Das würde mich ca. 50€ kosten.
Aber es muss doch eine günstige, sinnvolle Lösung geben? Die 50€ möchte ich mir wenn möglich sparen.


----------



## Blockmove (5 April 2013)

Was spricht dagegen nen normalen Schütz plus Kondensator in einem extra Gehäuse irgendwo hinzudübeln?
Dann koppelt halt dieser zur übergeordneten Steuerung.
Energieverbrauch hält sich damit auch im normalen Niveau.

Gruß
Dieter


----------



## thomass5 (5 April 2013)

DerMatze schrieb:


> da habe ich diese Info bekommen:
> "...bei „normalen“ Relais ist die zusätzliche Last notwendig(..)Wir haben ein Relais im Programm, das ohne zusätzliche Last abschaltet ..."
> Das würde mich ca. 50€ kosten.
> Aber es muss doch eine günstige, sinnvolle Lösung geben? Die 50€ möchte ich mir wenn möglich sparen.
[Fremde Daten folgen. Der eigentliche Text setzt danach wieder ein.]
Section moments.
Context {R : realType}.
Implicit Types (a b : nat -> \bar R).

Definition moment (k : nat) a := \sum_(t <oo) ((t ^ k)%:R)%:E * a t.

Definition econv a b (t : nat) := \sum_(t' < t.+1) a t' * b (t - t')%N.

Lemma moment_ge0 k a : (forall t, 0 <= a t) -> 0 <= moment k a.
Proof. by move=> a0; apply: nneseries_ge0 => t _ _; rewrite mule_ge0 ?lee_fin. Qed.

Lemma econv_ge0 a b t : (forall t, 0 <= a t) -> (forall t, 0 <= b t) ->
  0 <= econv a b t.
Proof. by move=> a0 b0; apply: sume_ge0 => t' _; rewrite mule_ge0. Qed.

Lemma moment_sum k (I : finType) (P : pred I) (a : I -> nat -> \bar R) :
  (forall r t, 0 <= a r t) ->
  moment k (fun t => \sum_(r | P r) a r t) = \sum_(r | P r) moment k (a r).
Proof.
move=> a0; rewrite /moment; under eq_eseriesr => t _ do rewrite ge0_sume_distrr //.
by rewrite nneseries_sum // => r t _; rewrite mule_ge0 ?lee_fin.
Qed.

Lemma moment_econv k a b : (forall t, 0 <= a t) -> (forall t, 0 <= b t) ->
  moment k (econv a b) =
  \sum_(l < k.+1) ('C(k, l)%:R)%:E * (moment (k - l) a * moment l b).
Proof.
move=> a0 b0; have ab0 t t' : 0 <= a t * b t' by rewrite mule_ge0.
transitivity (\sum_(t <oo) \sum_(t' <oo) (((t + t') ^ k)%:R)%:E * (a t * b t')).
  rewrite -nneseries_antidiagonal => [|t t']; last by rewrite mule_ge0 ?lee_fin.
  apply: eq_eseriesr => t _; rewrite ge0_sume_distrr //.
  by apply: eq_bigr => t' _; rewrite subnKC // -ltnS.
pose c l t t' := ('C(k, l)%:R)%:E * (((t ^ (k - l))%:R)%:E * a t * (((t' ^ l)%:R)%:E * b t')).
have c0 l t t' : 0 <= c l t t' by rewrite !mule_ge0 ?lee_fin.
transitivity (\sum_(t <oo) \sum_(t' <oo) \sum_(l < k.+1) c l t t').
  apply: eq_eseriesr => t _; apply: eq_eseriesr => t' _.
  rewrite expnDn natr_sum -sumEFin ge0_sume_distrl => [|l _]; last by rewrite lee_fin.
  apply: eq_bigr => l _; rewrite /c !natrM !EFinM -!muleA.
  by congr (_ * (_ * _)); rewrite muleCA.
under eq_eseriesr => t _ do rewrite nneseries_sum //.
rewrite nneseries_sum => [|l t _]; last by rewrite nneseries_ge0.
have f0 l t : 0 <= ((t ^ l)%:R)%:E * a t by rewrite mule_ge0 ?lee_fin.
have g0 l t : 0 <= ((t ^ l)%:R)%:E * b t by rewrite mule_ge0 ?lee_fin.
apply: eq_bigr => l _; rewrite /moment -ge0_nneseries_mul //.
rewrite -nneseriesZl => [|t _]; last by apply: nneseries_ge0 => t' _ _; rewrite mule_ge0.
by apply: eq_eseriesr => t _; rewrite -nneseriesZl // => t' _; rewrite mule_ge0.
Qed.

End moments.

Section first_passage.
Context {R : realType} {s d : nat} (q : 'I_s -> 'I_s -> time d -> R).
Context (u : 'I_d) (j : 'I_s).
Hypothesis q_ge0 : forall i r k, (0 <= q i r k)%R.

(* [step_moment k i r] is E_i[(X^{[u]}_1)^k; J_1 = r].  With T = T^{[u]}_j,
   [passage_moment k n i] is E_i[T^k; m_j = n+1], [return_moment k i] is E_i[T^k; T < oo]
   and [return_moment_upto k N i] is E_i[T^k; m_j <= N]. *)
Definition step_moment k i r := moment k (qmarg q u i r).

Definition passage_moment k n i := moment k (fun t => fpass q u n i j t).

Definition return_moment k i := \sum_(n <oo) passage_moment k n i.

Definition return_moment_upto k N i := \sum_(0 <= n < N) passage_moment k n i.

(* k-th moment of X^{[u]}_1 + T' on {J_1 <> j}, where T' is the return time from J_1 and
   [x l r] the l-th moment of T' started from r. *)
Definition first_step k (x : nat -> 'I_s -> \bar R) i :=
  \sum_(r < s | r != j) \sum_(l < k.+1)
    ('C(k, l)%:R)%:E * step_moment (k - l) i r * x l r.

Lemma qmarg_ge0 i r t : 0 <= qmarg q u i r t.
Proof. by apply: esum_ge0 => k _; rewrite lee_fin. Qed.

Lemma fpass_ge0 n i t : 0 <= fpass q u n i j t.
Proof.
elim: n i t => [|n IHn] i t /=; first exact: qmarg_ge0.
by apply: sume_ge0 => r _; apply: econv_ge0 => t'; [exact: qmarg_ge0 | exact: IHn].
Qed.

Lemma step_moment_ge0 k i r : 0 <= step_moment k i r.
Proof. by apply: moment_ge0 => t; exact: qmarg_ge0. Qed.

Lemma passage_moment_ge0 k n i : 0 <= passage_moment k n i.
Proof. by apply: moment_ge0 => t; exact: fpass_ge0. Qed.

Lemma return_moment_ge0 k i : 0 <= return_moment k i.
Proof. by apply: nneseries_ge0 => n _ _; exact: passage_moment_ge0. Qed.

Lemma passage_momentS k n i :
  passage_moment k n.+1 i = first_step k (passage_moment^~ n) i.
Proof.
have fpass_conv_ge0 r t : 0 <= econv (qmarg q u i r) (fun t => fpass q u n r j t) t.
  by apply: econv_ge0 => t'; [exact: qmarg_ge0 | exact: fpass_ge0].
rewrite /passage_moment moment_sum //; apply: eq_bigr => r _.
rewrite moment_econv => [|t|t]; [| exact: qmarg_ge0 | exact: fpass_ge0].
by apply: eq_bigr => l _; rewrite muleA.
Qed.

Lemma first_step_nneseries k (x : nat -> nat -> 'I_s -> \bar R) i :
  (forall n l r, 0 <= x n l r) ->
  \sum_(n <oo) first_step k (x n) i = first_step k (fun l r => \sum_(n <oo) x n l r) i.
Proof.
move=> x0; have c0 l r : 0 <= ('C(k, l)%:R)%:E * step_moment (k - l) i r.
  by rewrite mule_ge0 ?lee_fin ?step_moment_ge0.
rewrite nneseries_sum => [|r n _]; last first.
  by apply: sume_ge0 => l _; rewrite mule_ge0.
apply: eq_bigr => r _; rewrite nneseries_sum => [|l n _]; last by rewrite mule_ge0.
by apply: eq_bigr => l _; rewrite ge0_nneseriesZl.
Qed.

Lemma first_step_sum k (x : nat -> nat -> 'I_s -> \bar R) N i :
  (forall n l r, 0 <= x n l r) ->
  \sum_(0 <= n < N) first_step k (x n) i =
  first_step k (fun l r => \sum_(0 <= n < N) x n l r) i.
Proof.
move=> x0; rewrite exchange_big; apply: eq_bigr => r _.
rewrite exchange_big; apply: eq_bigr => l _.
by rewrite ge0_sume_distrr // mule_ge0 ?lee_fin ?step_moment_ge0.
Qed.

Lemma first_step0 x i :
  first_step 0 x i = \sum_(r < s | r != j) step_moment 0 i r * x 0%N r.
Proof. by apply: eq_bigr => r _; rewrite big_ord1 mul1e. Qed.

Lemma first_step2 x i : first_step 2 x i = \sum_(r < s | r != j)
  (step_moment 2 i r * x 0%N r + 2%:E * step_moment 1 i r * x 1%N r
   + step_moment 0 i r * x 2%N r).
Proof. by apply: eq_bigr => r _; rewrite !big_ord_recl big_ord0 adde0 /= !mul1e addeA. Qed.

Lemma return_momentE k i :
  return_moment k i = step_moment k i j + first_step k return_moment i.
Proof.
rewrite /return_moment nneseries_recl => // [|n _]; last exact: passage_moment_ge0.
congr (_ + _); rewrite -first_step_nneseries => [|n l r]; last first.
  exact: passage_moment_ge0.
rewrite -nneseries_addn => [|n]; last exact: passage_moment_ge0.
by apply: eq_eseriesr => n _; rewrite addn1 passage_momentS.
Qed.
Fernabsatzgesetz? Wunderding begutachten und schlauer sein ... ? 


Gesendet von meinem GT-N7100 mit Tapatalk 2


----------



## DerMatze (6 April 2013)

thomass5 schrieb:


> Fernabsatzgesetz? Wunderding begutachten und schlauer sein ... ?



wasmöchtest du mir damit sagen?


----------



## DerMatze (6 April 2013)

Blockmove schrieb:


> Was spricht dagegen nen normalen Schütz plus Kondensator in einem extra Gehäuse irgendwo hinzudübeln?
> Dann koppelt halt dieser zur übergeordneten Steuerung.
> Energieverbrauch hält sich damit auch im normalen Niveau.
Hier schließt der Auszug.